Anxiety around money has spiked this year. Around 64% of adults report that finances are “a significant source of stress” in their lives during the pandemic, according to recent findings by the American Psychological Association.

Why wouldn’t we be afraid? More than 45 million people have filed for unemployment this year. Millions are losing their homes, falling behind on their bills and unable to afford enough food for themselves and their children.

Even many of those who still have a job fear losing it, and it’s hard to find someone who hasn’t had some plan derailed. Nearly a third of people, for example, say Covid-19 will delay when they retire.

“There is so much uncertainty these days, and that uncertainty leads to increased fear, anxiety and in some cases, panic attacks,” said Jennifer Dunkle, a financial therpaist in Fort Collins, Colorado.

Make sure you’re OK

Anxiety can be confusing and even paralyzing. As a result, it may be hard to think straight until you can calm down a little, said Dr. Mary Gresham, a financial psychologist in Atlanta.

“Solutions generated in desperation and when stressed tend to be short-sighted and narrow,” Gresham said.

Meditation, eating healthy, getting enough sleep and avoiding alcohol can all reduce stress levels, she said.

Financial therapist Tara Unverzagt advises taking on one small task per day.

Source: Tara Unverzagt

Jeff Shinal, a financial therapist in Leesburg, Virginia, advises people in a panicky state to label their emotions. Putting them into words, he said, can decrease their intensity and power over you.

In your worst moments, Shinal said, try focusing on your five senses — what you can see, smell, hear, taste and touch. Doing so can put a temporary stay on spiraling, doomsday-type thoughts.

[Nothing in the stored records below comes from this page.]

(* Let $p\in[1,\infty]$, $\alpha\in[0,1]$ irrational, $\theta\in[0,1)$ and $\lambda\in\mathbb{R}$. Then $\sigma(H_{\lambda,\alpha,\theta})\subset\sigma((H_{\lambda,\alpha,\theta})_+)$.
   Context: $(H_{\lambda,\alpha,\theta}x)_n=x_{n+1}+x_{n-1}+\lambda v_{\alpha,\theta}(n)x_n$ on $\ell^p(\mathbb{Z})$ with $v_{\alpha,\theta}(n)=\chi_{[1-\alpha,1)}(n\alpha+\theta\bmod 1)$. For an operator $A=(a_{ij})_{i,j\in\mathbb{Z}}$, $A_+:=(a_{ij})_{i,j=0}^\infty$ acting on $\ell^p(\mathbb{Z}_+)$, $\mathbb{Z}_+=\{0,1,2,\dots\}$. *)

From Stdlib Require Import Reals ZArith.
From Coquelicot Require Import Coquelicot.
Open Scope R_scope.

(* a ^ q for a >= 0 and real q > 0, with the convention 0 ^ q = 0 *)
Definition rpow (a q : R) : R := if Rle_dec a 0 then 0 else Rpower a q.

Definition exponent_ok (p : Rbar) : Prop :=
  match p with Finite q => 1 <= q | p_infty => True | m_infty => False end.

Definition lpnorm_le_N (p : Rbar) (u : nat -> C) (M : R) : Prop :=
  match p with
  | Finite q => ex_series (fun n => rpow (Cmod (u n)) q) /\
                Series (fun n => rpow (Cmod (u n)) q) <= rpow M q /\ 0 <= M
  | p_infty => forall n, Cmod (u n) <= M
  | m_infty => False
  end.

(* ||u||_{l^p(Z)} <= M ; the sum over Z is split into n >= 0 and n < 0 *)
Definition lpnorm_le_Z (p : Rbar) (u : Z -> C) (M : R) : Prop :=
  match p with
  | Finite q =>
      ex_series (fun n : nat => rpow (Cmod (u (Z.of_nat n))) q) /\
      ex_series (fun n : nat => rpow (Cmod (u (- Z.of_nat n - 1)%Z)) q) /\
      Series (fun n : nat => rpow (Cmod (u (Z.of_nat n))) q)
      + Series (fun n : nat => rpow (Cmod (u (- Z.of_nat n - 1)%Z)) q)
        <= rpow M q /\ 0 <= M
  | p_infty => forall n, Cmod (u n) <= M
  | m_infty => False
  end.

(* T - z I is boundedly invertible on the sequence space given by the
   "norm <= M" predicate [nle]:  there is a bounded linear operator B on the
   space which is a two-sided inverse of T - z on the space. *)
Definition resolvent {I : Type} (nle : (I -> C) -> R -> Prop)
    (T : (I -> C) -> (I -> C)) (z : C) : Prop :=
  let inlp := fun x => exists M, nle x M in
  let S := fun x => (fun i => Cminus (T x i) (Cmult z (x i))) in
  exists B : (I -> C) -> (I -> C),
    (forall x, inlp x -> inlp (B x)) /\
    (forall x y a, inlp x -> inlp y ->
        B (fun i => Cplus (x i) (Cmult a (y i))) =
        (fun i => Cplus (B x i) (Cmult a (B y i)))) /\
    (exists K, 0 <= K /\ forall x M, nle x M -> nle (B x) (K * M)) /\
    (forall x, inlp x -> B (S x) = x) /\
    (forall x, inlp x -> S (B x) = x).

Definition spectrum {I : Type} (nle : (I -> C) -> R -> Prop)
    (T : (I -> C) -> (I -> C)) (z : C) : Prop := ~ resolvent nle T z.

Definition sturm_v (alpha theta : R) (n : Z) : R :=
  let f := frac_part (IZR n * alpha + theta) in
  if Rle_dec (1 - alpha) f then (if Rlt_dec f 1 then 1 else 0) else 0.

Definition Hop (lambda alpha theta : R) (x : Z -> C) : Z -> C :=
  fun n => Cplus (Cplus (x (n + 1)%Z) (x (n - 1)%Z))
                 (Cmult (RtoC (lambda * sturm_v alpha theta n)) (x n)).

(* Compression A_+ = (a_ij)_{i,j>=0}: extend by zero to Z, apply, restrict. *)
Definition ext0 (x : nat -> C) : Z -> C :=
  fun n => match n with Z.neg _ => RtoC 0 | _ => x (Z.to_nat n) end.

Definition Hop_plus (lambda alpha theta : R) (x : nat -> C) : nat -> C :=
  fun n => Hop lambda alpha theta (ext0 x) (Z.of_nat n).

Listening to calming music, he added, or making a list of the things for which you’re grateful can also dull anxiety. As can avoiding social media and the news, he said.

Focus on what you can do

These days, it’s easy to have fears about the future.

“Many of my clients are business owners who worry about the continuity of their business,” Shinal said. “My clients with regular jobs are concerned about the stability of their employment and their employer.”

Yet giving into despair will just compound your problems. Instead, Shinal recommends trying to decipher what is within your control from what is beyond it.

“Make an honest inventory of what you can do to change your situation right now,” Shinal said. “From that list, develop an action plan.”

For example, maybe you can’t do anything about the current limit on people you can serve at your restaurant but you can try to expand your take-out options. Or, it can be hard to know for sure if the company you work for will survive the pandemic but you can check in with your boss to try to stay updated.

If you’ve been in a really bad rut, it’s important to set reasonable goals, said Tara Unverzagt, a financial therapist in Torrance, California.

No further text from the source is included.